• _What you have to do_
Everything from the line containing "(0 < n)%N -> unitary U -> unitary V ->" to the end of the records below should be repeated exactly, with no other lines added.

• _Data provided_
+++++
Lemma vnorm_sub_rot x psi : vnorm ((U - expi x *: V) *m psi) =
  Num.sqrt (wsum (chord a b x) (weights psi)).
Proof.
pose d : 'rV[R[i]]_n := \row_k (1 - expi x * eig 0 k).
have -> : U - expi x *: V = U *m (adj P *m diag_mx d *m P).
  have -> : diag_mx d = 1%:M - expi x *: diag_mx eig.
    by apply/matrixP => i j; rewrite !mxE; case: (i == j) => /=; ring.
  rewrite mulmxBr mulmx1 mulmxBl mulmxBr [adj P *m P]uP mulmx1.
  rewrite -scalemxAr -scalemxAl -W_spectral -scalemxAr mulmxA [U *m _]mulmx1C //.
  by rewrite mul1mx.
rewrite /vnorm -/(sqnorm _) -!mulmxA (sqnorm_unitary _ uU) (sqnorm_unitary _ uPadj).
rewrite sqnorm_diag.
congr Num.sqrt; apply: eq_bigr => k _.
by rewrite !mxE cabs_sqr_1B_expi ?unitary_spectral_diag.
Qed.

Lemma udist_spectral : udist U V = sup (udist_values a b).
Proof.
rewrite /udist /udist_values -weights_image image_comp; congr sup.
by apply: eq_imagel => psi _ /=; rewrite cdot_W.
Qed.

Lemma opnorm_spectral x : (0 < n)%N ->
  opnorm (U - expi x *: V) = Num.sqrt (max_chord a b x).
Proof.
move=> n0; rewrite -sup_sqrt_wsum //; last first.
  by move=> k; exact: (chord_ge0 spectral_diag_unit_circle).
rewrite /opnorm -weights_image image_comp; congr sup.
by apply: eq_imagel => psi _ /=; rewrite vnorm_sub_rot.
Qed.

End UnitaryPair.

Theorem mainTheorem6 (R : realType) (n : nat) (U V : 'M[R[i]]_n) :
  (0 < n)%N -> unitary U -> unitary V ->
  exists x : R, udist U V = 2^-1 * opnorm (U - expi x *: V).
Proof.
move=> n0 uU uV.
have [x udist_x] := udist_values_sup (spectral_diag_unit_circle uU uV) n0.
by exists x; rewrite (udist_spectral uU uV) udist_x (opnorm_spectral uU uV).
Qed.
+++++
• _Task response_
  (0 < n)%N -> unitary U -> unitary V ->
  exists x : R, udist U V = 2^-1 * opnorm (U - expi x *: V).
Proof.
move=> n0 uU uV.
have [x udist_x] := udist_values_sup (spectral_diag_unit_circle uU uV) n0.
by exists x; rewrite (udist_spectral uU uV) udist_x (opnorm_spectral uU uV).
Qed.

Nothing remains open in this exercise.